Foraminifera are single-celled marine organisms, which may have a planktic or benthic lifestyle. During their life cycle they construct shells consisting of one or more chambers, and these shells remain as fossils in marine sediments. Classifying and counting these fossils have become an important tool in e.g. oceanography and climatology. Currently the process of identifying and counting microfossils is performed manually using a microscope and is very time consuming. Developing methods to automate this process is therefore considered important across a range of research fields. The first steps towards developing a deep learning model that can detect and classify microscopic foraminifera are proposed. The proposed model is based on a VGG16 model that has been pretrained on the ImageNet dataset, and adapted to the foraminifera task using transfer learning. Additionally, a novel image dataset consisting of microscopic foraminifera and sediments from the Barents Sea region is introduced.
Foraminifera are ubiquitous ocean dwelling single-celled microorganisms that may have a planktic (living in the water column) or benthic (living at or within the seabed) lifestyle. During their life cycle foraminifera construct shells with one or more chambers. The shells are commonly composed of calcium carbonate (calcareous foraminifera) or constructed from sediment particles cemented together (agglutinated foraminifera). They are recognizable due to their interspecies morphological differences. The shells remain in the marine sediments as fossils, and can be extracted from rock or marine sediment samples. Foraminifera are common in both modern and ancient environments and have become invaluable tools in oceanographic and geoscience research as well as in petroleum exploration. For example in paleo-research, fossilized foraminiferal fauna compositions and/or chemical composition of individual shells are frequently used to infer past changes in ocean temperature, salinity, ocean chemistry, and global ice volume [1,9,14]. In ecotoxicology and pollution monitoring studies, changes in foraminiferal abundance, morphology and faunal composition are used for detecting ecosystem contamination . In the petroleum industry, foraminiferal analysis is an important tool to infer ages and paleoenvironments of sedimentary strata in oil wells during exploration, which aids the detection of potential hydrocarbon deposits [3,13].
Statistical counting of foraminifera species, their number and distribution, represents important data for marine geological climate and environmental research and in petroleum exploration.
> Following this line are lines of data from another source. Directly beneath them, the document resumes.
(* Let $\mathcal{C}$ be an additive category with an automorphism $\Sigma$, let $n\ge3$, and let $\mathscr{N}$ be a collection of $n$-$\Sigma$-sequences in $\mathcal{C}$ satisfying the axioms (N1* ) and (N3). Then $\mathscr{N}$ satisfies (N2) if and only if $\mathscr{N}$ satisfies (N2* ).
   Context: $\mathcal{C}$ is an additive category, $\Sigma\colon\mathcal{C}\to\mathcal{C}$ an automorphism, $n\ge3$. An $n$-$\Sigma$-sequence $A_\bullet$ is a diagram $A_1\xrightarrow{\alpha_1}A_2\to\cdots\xrightarrow{\alpha_{n-1}}A_n\xrightarrow{\alpha_n}\Sigma A_1$. It is exact if for every object $B$ the doubly infinite sequence of abelian groups $\cdots\to\mathrm{Hom}(B,\Sigma^iA_1)\xrightarrow{(\Sigma^i\alpha_1)_*}\mathrm{Hom}(B,\Sigma^iA_2)\to\cdots\xrightarrow{(\Sigma^i\alpha_n)_*}\mathrm{Hom}(B,\Sigma^{i+1}A_1)\to\cdots$ ($i\in\mathbb{Z}$) is exact. The left rotation of $A_\bullet$ is $A_2\xrightarrow{\alpha_2}\cdots\xrightarrow{\alpha_n}\Sigma A_1\xrightarrow{(-1)^n\Sigma\alpha_1}\Sigma A_2$. A morphism $(\varphi_1,\dots,\varphi_n)\colon A_\bullet\to B_\bullet$ consists of $\varphi_i\colon A_i\to B_i$ with $\varphi_{i+1}\alpha_i=\beta_i\varphi_i$ ($1\le i\le n-1$) and $\Sigma\varphi_1\circ\alpha_n=\beta_n\varphi_n$; it is a weak isomorphism if $\varphi_i$ and $\varphi_{i+1}$ are isomorphisms for some $1\le i\le n$ (with $\varphi_{n+1}:=\Sigma\varphi_1$). Axioms for a collection $\mathscr{N}$: (N1* ): (a) if $A_\bullet\to B_\bullet$ is a weak isomorphism of exact $n$-$\Sigma$-sequences with $A_\bullet\in\mathscr{N}$, then $B_\bullet\in\mathscr{N}$; (b) for all objects $A$, the trivial sequence $A\xrightarrow{1}A\to0\to\cdots\to0\to\Sigma A$ is in $\mathscr{N}$; (c) every morphism $\alpha\colon A_1\to A_2$ is the first morphism of some sequence in $\mathscr{N}$. (N2): an $n$-$\Sigma$-sequence is in $\mathscr{N}$ if and only if its left rotation is in $\mathscr{N}$. (N2* ): the left rotation of every sequence in $\mathscr{N}$ is in $\mathscr{N}$. (N3): given $A_\bullet,B_\bullet\in\mathscr{N}$ and $\varphi_1\colon A_1\to B_1$, $\varphi_2\colon A_2\to B_2$ with $\varphi_2\alpha_1=\beta_1\varphi_1$, there exist $\varphi_3,\dots,\varphi_n$ making $(\varphi_1,\dots,\varphi_n)$ a morphism of $n$-$\Sigma$-sequences. *)

From HB Require Import structures.
From mathcomp Require Import all_boot all_order all_algebra.
Set Implicit Arguments. Unset Strict Implicit. Unset Printing Implicit Defensive.
Import GRing.Theory.
Local Open Scope ring_scope.
(* Let $D_{d,k}$ be a partial DCell, and let $\alpha'=\alpha_k\cdots\alpha_{l+2}$ with $3\le l+2\le k$. If $m$ is the largest integer such that $D_{d,l}^{\alpha'm}$ is non-empty, then $D_{d,l}^{\alpha'i}$ and $D_{d,l}^{\alpha'j}$ are linked for all $i,j$ with $0\le i<j<m$, and $D_{d,l}^{\alpha'm}$ is linked to at least $\min\{m,t_1\}$ of the sub-partial $DCell_l$s $D_{d,l}^{\alpha'i}$.
   Context: DCell with parameter $n\ge2$: $DCell_0=D_0=K_n$, $t_0=n$; for $j\ge1$, $D_j$ consists of $t_{j-1}+1$ vertex-disjoint copies $D_{j-1}^0,\dots,D_{j-1}^{t_{j-1}}$ of $D_{j-1}$ plus level $j$ edges, and $t_j=t_{j-1}(t_{j-1}+1)$ (so $t_1=n(n+1)$). A vertex of $D_k$ has label $(\alpha_k,\dots,\alpha_1,\alpha_0)$, where $\alpha_j\in\{0,\dots,t_{j-1}\}$ is the index of the copy of $D_{j-1}$ inside the containing $D_j$ and $\alpha_0\in\{0,\dots,n-1\}$; $uid_{j}=\alpha_0+\sum_{l=1}^{j}\alpha_l t_{l-1}$. For $a<b$, the vertex with $uid_{j-1}=b-1$ in $D_{j-1}^a$ is joined to the vertex with $uid_{j-1}=a$ in $D_{j-1}^b$. Enumeration: for $k\ge2$ put $a_i=t_{i-1}+1$ ($2\le i\le k$), $A=[a_k]\times\cdots\times[a_2]$ with $[a]=\{0,\dots,a-1\}$; $\alpha=\alpha_k\cdots\alpha_2\in A$ identifies the copy of $DCell_1$ consisting of the vertices with labels $(\alpha_k,\dots,\alpha_2,\cdot,\cdot)$. Prefixes of $\alpha$ are $\alpha_k\cdots\alpha_{l+1}$ ($2\le l+1\le k$), $\varnothing$ is the empty prefix, and $\beta i$ denotes appending $i$. An array $\phi:A\to\{0,1\}$ starts at $0$; a tuple $\beta$ is non-empty if some $\alpha$ with prefix (or equal to) $\beta$ has $\phi(\alpha)=1$, empty otherwise, full if all such $\alpha$ have $\phi(\alpha)=1$. Next$(\beta)$, $\beta=\alpha_k\cdots\alpha_{l+1}$ ($l=k$ if $\beta=\varnothing$): let $m$ be the least $i$ with $\beta i$ empty; if $l=2$ set $\phi(\beta m):=1$ and stop; otherwise if $m\ge a_2$ replace $m$ by the least $i$ with $\beta i$ not full; then call Next$(\beta m)$. The partial DCell $D_{d,k}$ is the subgraph of $DCell_k$ induced by the vertices of the $DCell_1$s $\alpha$ with $\phi(\alpha)=1$ after $d$ calls of Next$(\varnothing)$. For a tuple $\beta=\alpha_k\cdots\alpha_{l+1}$, the sub-partial $DCell_l$ $D_{d,l}^{\beta}$ is the subgraph of $D_{d,k}$ induced by its vertices whose labels begin with $\beta$ (possibly empty). Two such subgraphs are linked if some edge of $D_{d,k}$ joins a vertex of one to a vertex of the other. *)

From mathcomp Require Import all_boot.
Set Implicit Arguments. Unset Strict Implicit. Unset Printing Implicit Defensive.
Counting, identification and picking of foraminifera in prepared sediment samples using a microscope is a very time and resource demanding process, which has practically been conducted the same way since the use of microscope foraminiferal studies started in the early 1800’s. Progress in deep learning makes it possible to automate this work, which will contribute to better quality, higher quantity, reduced resource usage, and more cost effective data collection. Existing research groups have already started with image recognition of foraminifera [4,8,11,17], but the training data currently needs to be “tailor made” with the most abundant foraminiferal species for a specific geographical region.
There are a number of transfer learning methods used in deep learning, and in the presented experiments two such methods are implemented, namely feature extraction and fine tuning.
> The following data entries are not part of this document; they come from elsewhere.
From HB Require Import structures.
From mathcomp Require Import all_boot all_order all_algebra.
From mathcomp Require Import reals.
From mathcomp Require Import ring zify.
From Stdlib Require Import FunctionalExtensionality.
Set Implicit Arguments. Unset Strict Implicit. Unset Printing Implicit Defensive.
Import Order.TTheory GRing.Theory Num.Theory.
Local Open Scope ring_scope.

(* Two scenarios (I1, O1, L1, W1) and (I2, O2, L2, W2) are run
   side by side: every party's inputs and outputs become the disjoint unions
   I1 + I2 and O1 + O2, and an intervention acts as L1 on block-1 inputs and
   as L2 on block-2 inputs.  Each W_b is transported into the summed spaces
   by a partywise relabelling; relabellings preserve process functions (a
   relabelled experiment is a coarse-graining of an unrelabelled one), hence
   the deterministic-extrema polytope, and they leave the composition
   unchanged.  Mixing the two transported processes realises the mixture.

   A process in the polytope is a mixture of process functions, and
   composition is linear in the process and in each party's intervention.
   Decomposing every intervention into deterministic ones reduces to
   deterministic interventions against a process function; the result then
   takes natural-number values, so it is itself a deterministic correlation,
   and clearly a consistent one.  Conversely the hull lies in DC by
   convexity. *)

Section ConvexHull.
Variables (R : realType) (T U : finType).
Implicit Types (S C : (T -> U -> R) -> Prop) (p : T -> U -> R).

Lemma pointwise_transport C p q : (forall t u, p t u = q t u) -> C p -> C q.
Proof.
move=> pq; suff -> : p = q by [].
by apply: functional_extensionality => t; apply: functional_extensionality.
Qed.

Lemma convex_seq C (I : eqType) (r : seq I) (w : I -> R) (q : I -> T -> U -> R) :
  convex_set C -> (forall i, 0 <= w i) -> (forall i, C (q i)) ->
  0 < \sum_(i <- r) w i ->
  C (fun t u => (\sum_(i <- r) w i * q i t u) / \sum_(i <- r) w i).
Proof.
move=> convC w_ge0 Cq; elim: r => [|i0 r IHr]; first by rewrite big_nil ltxx.
rewrite big_cons; set s := \sum_(i <- r) w i => s0_gt0.
have : 0 <= s by apply: sumr_ge0 => i _.
rewrite le_eqVlt eq_sym => /orP [/eqP s_eq0 | s_gt0]; last first.
- (* split off i0 with weight w i0 / (w i0 + s) *)
  have s0_neq0 : w i0 + s != 0 by rewrite gt_eqF.
  have l_ge0 : 0 <= w i0 / (w i0 + s) by rewrite divr_ge0 // ltW.
  have l_le1 : w i0 / (w i0 + s) <= 1 by rewrite ler_pdivrMr // mul1r lerDl ltW.
  apply: pointwise_transport (convC _ _ _ l_ge0 l_le1 (Cq i0) (IHr s_gt0)) => t u.
  rewrite big_cons -/s; field; by rewrite s0_neq0 gt_eqF.
- (* all the remaining weights vanish, so the combination is q i0 *)
  have w_r0 i : i \in r -> w i = 0.
    move=> ir; move/eqP: s_eq0; rewrite psumr_eq0 //.
    by move/allP/(_ i ir)/implyP/(_ isT)/eqP.
  rewrite s_eq0 addr0 in s0_gt0 *; apply: pointwise_transport (Cq i0) => t u.
  rewrite big_cons big_seq big1 ?addr0 => [|i /w_r0 ->]; last by rewrite mul0r.
  by rewrite mulrAC divff ?mul1r // gt_eqF.
Qed.

Lemma convex_comb C (I : finType) (w : I -> R) (q : I -> T -> U -> R) p :
  convex_set C -> (forall i, 0 <= w i) -> \sum_i w i = 1 ->
  (forall i, C (q i)) -> (forall t u, p t u = \sum_i w i * q i t u) -> C p.
Proof.
move=> convC w_ge0 w_sum1 Cq p_eq.
have := convex_seq (r := index_enum I) convC w_ge0 Cq; rewrite w_sum1 ltr01 => /(_ isT).
by apply: pointwise_transport => t u; rewrite divr1 p_eq.
Qed.

Lemma conv_hull_min S C p :
  convex_set C -> (forall q, S q -> C q) -> conv_hull S p -> C p.
Proof.
move=> convC SC [m [w [q [w_ge0 w_sum1 Sq p_eq]]]].
by apply: (convex_comb convC w_ge0 w_sum1) p_eq => j; apply: SC.
Qed.

Lemma conv_hull_in S p : S p -> conv_hull S p.
Proof.
move=> Sp; exists 1%N, (fun _ => 1), (fun _ => p).
split=> [_||_|t u]; rewrite ?ler01 ?big_ord1 ?mul1r //.
Qed.

(* Concatenating the two families of a binary convex combination. *)
Lemma conv_hull_convex S : convex_set (conv_hull S).
Proof.
move=> p1 p2 l l_ge0 l_le1 [m1 [w1 [q1 [w1_ge0 w1_sum1 Sq1 p1_eq]]]]
  [m2 [w2 [q2 [w2_ge0 w2_sum1 Sq2 p2_eq]]]].
pose w j := match split j with inl j1 => l * w1 j1 | inr j2 => (1 - l) * w2 j2 end.
pose q j := match split j with inl j1 => q1 j1 | inr j2 => q2 j2 end.
have sum_split (F : 'I_m1 -> R) (G : 'I_m2 -> R) :
    \sum_(j < m1 + m2) (match split j with inl j1 => F j1 | inr j2 => G j2 end) =
    \sum_j F j + \sum_j G j.
  by rewrite big_split_ord; congr (_ + _); apply: eq_bigr => j _;
    rewrite (unsplitK (inl _)) || rewrite (unsplitK (inr _)).
exists (m1 + m2)%N, w, q; split.
- move=> j; rewrite /w; case: split => j'; apply: mulr_ge0 => //.
  by rewrite subr_ge0.
- by rewrite sum_split -!mulr_sumr w1_sum1 w2_sum1 !mulr1 subrKC.
- by move=> j; rewrite /q; case: split.
- move=> t u; rewrite p1_eq p2_eq !mulr_sumr.
  rewrite -(sum_split (fun j => l * (w1 j * q1 j t u)) (fun j => (1 - l) * (w2 j * q2 j t u))).
  by apply: eq_bigr => j _; rewrite /w /q; case: split => j'; rewrite mulrA.
Qed.

End ConvexHull.

Section Composition.
Variables (R : realType) (N : nat) (nA nX nI nO : 'I_N -> nat).
Implicit Types (L : local_int R nA nX nI nO) (W V : vec nI -> vec nO -> R).

Lemma delta_fun_ge0 (T U : finType) (f : U -> T) t u : 0 <= delta_fun R f t u.
Proof. by rewrite /delta_fun; case: ifP; rewrite ?ler01. Qed.

Lemma delta_valid (T U : finType) (f : U -> T) : is_cond (delta_fun R f).
Proof.
split=> [t u|u]; first exact: delta_fun_ge0.
rewrite (bigD1 (f u)) //= /delta_fun eqxx big1 ?addr0 //.
by move=> t /negbTE ->.
Qed.

Lemma compose_ge0 L W x a :
  valid_local_int L -> (forall i o, 0 <= W i o) -> 0 <= compose L W x a.
Proof.
move=> validL W_ge0; apply: sumr_ge0 => i _; apply: sumr_ge0 => o _.
by apply: mulr_ge0 => //; apply: prodr_ge0 => k _; case: (validL k).
Qed.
The strengths of a deep convolutional neural network (CNN) model is its many layers of fil-ters, learned by training on millions of images . Learning the weights of these layers can require an enormous amount of images, depending on e.g. the depth and complexity the model, the input domain, etc. However, the learned filters represent somewhat abstract feature detectors that can be transferred to new domains [2,16]. In other words, it is possible to re-use the weights of a pretrained CNN model for new classification tasks. In its simplest form this is achieved by using the convolutional blocks of the model as a feature extractor, and the extracted features can then be passed to any classifier. The weights of the classifier need to be learned, but the weights of the pretrained fil-ter layers are preserved or “frozen”. Typically the classifier is chosen such that it performs well at the task of predicting output labels using the extracted features, while also being tractable to train.
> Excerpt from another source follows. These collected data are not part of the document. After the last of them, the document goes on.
Lemma square_integrable_on_zexp : square_integrable_on S (zexp B r w).
Proof.
  exists (Cnorm2 B * (1 / Rabs r)); intros a b Ha Hb Hab.
  set (G := fun x => Cnorm2 B * (exp (r * x) * exp (r * x) / (2 * r))).
  assert (I : is_RInt (fun x => Cnorm2 (zexp B r w x)) a b (G b - G a)).
  { apply (is_RInt_ext (fun x => Cnorm2 B * (exp (r * x) * exp (r * x)))).
    { intros x _; rewrite Cnorm2_zexp; reflexivity. }
    apply (@is_RInt_derive R_CompleteNormedModule G).
    - intros x _; unfold G; auto_derive; auto; field; auto.
    - intros x _; apply (@ex_derive_continuous R_AbsRing R_NormedModule); auto_derive; auto. }
  assert (Ex : ex_RInt (fun x => Cnorm2 (zexp B r w x)) a b) by (eexists; exact I).
  exists (ex_RInt_Reals_0 _ _ _ Ex); rewrite <- RInt_Reals, (is_RInt_unique _ _ _ _ I).
  pose proof (Rabs_exp_sqr_div_le r a r_neq0 (decay a Ha)) as Ga.
  pose proof (Rabs_exp_sqr_div_le r b r_neq0 (decay b Hb)) as Gb.
  apply Rabs_le_between in Ga; apply Rabs_le_between in Gb; pose proof (Cnorm2_ge0 B).
  assert (0 < Rabs r) by (apply Rabs_pos_lt, r_neq0).
  replace (1 / Rabs r) with (1 / (2 * Rabs r) + 1 / (2 * Rabs r)) by (field; lra).
  unfold G, minus, plus, opp; simpl; nra.
Qed.

Lemma riesz_sum_telescope (T : R * R -> R) (G : R -> R) U c l : 0 <= U ->
  (forall a b, S a -> S b -> a < b -> T (a, b) <= G b - G a) -> (forall a b, a <= b -> G a <= G b) ->
  (forall x, S x -> Rabs (G x) <= U) -> ordered_intervals c l ->
  Forall (fun p => S (fst p) /\ S (snd p)) l -> fold_right (fun p s => T p + s) 0 l <= 2 * U.
Proof.
  intros HU HT HG HB Ho Hl.
  assert (Claim : forall l c, S c -> ordered_intervals c l -> Forall (fun p => S (fst p) /\ S (snd p)) l ->
            fold_right (fun p s => T p + s) 0 l <= U - G c).
  { clear c l Ho Hl; induction l as [|[a b] l IH]; intros c Sc Ho Hl; simpl.
    - pose proof (HB c Sc) as Hc; apply Rabs_le_between in Hc; lra.
    - destruct Ho as (H1 & H2 & H3); inversion Hl as [|? ? [Sa Sb] Hl']; subst.
      specialize (IH b Sb H3 Hl'); pose proof (HT a b Sa Sb H2); pose proof (HG c a H1); lra. }
  destruct l as [|[a b] l]; simpl; [lra|].
  inversion Hl as [|? ? [Sa Sb] _]; subst.
  assert (Ho' : ordered_intervals a ((a, b) :: l)) by (simpl in Ho |- *; intuition lra).
  pose proof (Claim ((a, b) :: l) a Sa Ho' Hl); simpl in *.
  pose proof (HB a Sa) as Ha; apply Rabs_le_between in Ha; lra.
Qed.

Lemma deriv_square_integrable_on_zexp : deriv_square_integrable_on S (zexp B r w).
Proof.
  set (K := Cnorm1 (Cmul B (mkC r w))); pose proof (Cnorm1_ge0 (Cmul B (mkC r w))) as HK; fold K in HK.
  set (D := fun a b => exp (r * b) / r - exp (r * a) / r).
  set (G := fun x => 8 * (K * K) * (exp (r * x) * exp (r * x) / (2 * r))).
  set (U := 8 * (K * K) * (1 / (2 * Rabs r))).
  assert (HG : forall a b, G b - G a = 4 * (K * K) * D a b * (exp (r * a) + exp (r * b)))
    by (intros; unfold G, D; field; auto).
  assert (0 < Rabs r) by (apply Rabs_pos_lt, r_neq0).
  exists (2 * U); intros c l Ho Hl; unfold riesz2_sum.
  apply (riesz_sum_telescope (fun p => Cnorm2 (Csub (zexp B r w (snd p)) (zexp B r w (fst p))) / (snd p - fst p))
           G U c l); auto.
  - unfold U; apply Rmult_le_pos; [nra|]; unfold Rdiv; rewrite Rmult_1_l; left; apply Rinv_0_lt_compat; lra.
  - (* |Δ|^2 <= 4 K^2 D^2 and D <= (e^{ra} + e^{rb})(b - a) *)
    intros a b _ _ Hab; simpl; rewrite HG.
    pose proof (exp_div_diff_ge0 r a b r_neq0 ltac:(lra)) as HD0.
    pose proof (exp_div_diff_le r a b r_neq0 ltac:(lra)) as HD1.
    pose proof (Cmod_zexp_diff_le B r w a b r_neq0 ltac:(lra)) as HC.
    fold K (D a b) in HD0, HD1, HC.
    pose proof (Cmod_ge0 (Csub (zexp B r w b) (zexp B r w a))).
    rewrite <- Cmod_sqr; apply Rle_div_l; [lra|].
    assert (D a b * D a b <= D a b * ((exp (r * a) + exp (r * b)) * (b - a)))
      by (apply Rmult_le_compat_l; auto).
    assert (0 <= K * K) by nra.
    nra.
  - intros a b Hab; enough (0 <= G b - G a) by lra; rewrite HG.
    pose proof (exp_div_diff_ge0 r a b r_neq0 Hab); pose proof (exp_pos (r * a)); pose proof (exp_pos (r * b)).
    unfold D; apply Rmult_le_pos; [apply Rmult_le_pos; nra | lra].
  - intros x Hx; unfold G, U; rewrite Rabs_mult, (Rabs_right (8 * (K * K))) by nra.
    apply Rmult_le_compat_l; [nra|]; apply Rabs_exp_sqr_div_le; auto.
Qed.

End DecayingExponential.

Lemma Hstar_on_zexp S B r w : r <> 0 -> (forall x, S x -> r * x <= 0) ->
  Hstar_on S (zexp B r w) (zexp' B r w).
Proof.
  intros Hr Hdecay; split; [|split; [|split; [|split]]].
  - apply has_deriv_within_zexp.
  - apply loc_abs_cont_zexp, Hr.
  - apply loc_abs_cont_zexp, Hr.
  - apply square_integrable_on_zexp; assumption.
  - apply deriv_square_integrable_on_zexp; assumption.
Qed.

(** * Polar form *)

Definition polar (m a : R) : Cplx := Cmul (RtoC m) (Cexpi a).

Lemma Cexpi_add x y : Cexpi (x + y) = Cmul (Cexpi x) (Cexpi y).
Proof. unfold Cexpi; apply Cplx_ext; simpl; [rewrite cos_plus | rewrite sin_plus]; ring. Qed.

Lemma Cexpi_mul_polar a m b : Cmul (Cexpi a) (polar m b) = polar m (a + b).
Proof. unfold polar; rewrite Cexpi_add; ring. Qed.

Lemma polar_mul m a n b : Cmul (polar m a) (polar n b) = polar (m * n) (a + b).
Proof. unfold polar; rewrite Cexpi_add, RtoC_mult; ring. Qed.

Lemma Copp_Cexpi a : Copp (Cexpi a) = Cexpi (a + PI).
Proof. unfold Cexpi; rewrite neg_cos, neg_sin; reflexivity. Qed.

Lemma polar_2PI m a : polar m (a + 2 * PI) = polar m a.
Proof.
  unfold polar; rewrite Cexpi_add.
  replace (Cexpi (2 * PI)) with C1 by (unfold Cexpi; rewrite cos_2PI, sin_2PI; reflexivity); ring.
Qed.

Lemma Cnorm2_polar m a : Cnorm2 (polar m a) = m * m.
Proof. unfold polar; rewrite Cnorm2_mul, Cnorm2_Cexpi; unfold Cnorm2; simpl; ring. Qed.

Lemma polar_neq0 m a : m <> 0 -> polar m a <> C0.
Proof.
  intros Hm H; apply Hm; pose proof (Cnorm2_polar m a) as Hn.
  rewrite H in Hn; unfold Cnorm2 in Hn; simpl in Hn; nra.
Qed.

Lemma Cmul_neq0 z w : z <> C0 -> w <> C0 -> Cmul z w <> C0.
Proof.
  intros Hz Hw H; assert (Hn : Cnorm2 z * Cnorm2 w = 0).
  { rewrite <- Cnorm2_mul, H; unfold Cnorm2; simpl; ring. }
  destruct (Rmult_integral _ _ Hn) as [H0 | H0]; [apply Hz | apply Hw]; apply Cnorm2_eq0, H0.
Qed.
It is also possible to re-train some layers of the CNN to optimize the extracted features to the new domain, which is referred to as fine tuning. This will then be a trade-off between adapting the pretrained model to the new image modalities, but with the risk of overfitting given the typically small size of the training dataset. Which layers to re-train typically depend on several factors, such as similarity between the new and the original image modalities.
The complexity of a CNN classifier makes the output inconceivable in terms of the usual image feature interpretation, and there is a need for a measure of uncertainty. A step in that direction is to allow for stochastic prediction through Monte Carlo dropout.
Dropout is a regularization technique frequently used when training deep neural network models to reduce the chance of overfitting . The basic idea is that a specified percentage of weights for some layers in the model are set to zero, effectively turning off the corresponding units in that layer. This percentage is referred to as the dropout rate and is considered a model hyperparameter. Which units to drop during training are chosen at random, typically sampling from a uniform distribution. One intuition behind dropout is that it helps prevent units from co-adapting, which might otherwise lead to “memorization” of training data. See Figure 1 for an illustrative toy example of how dropout behaves with a rate of 50%.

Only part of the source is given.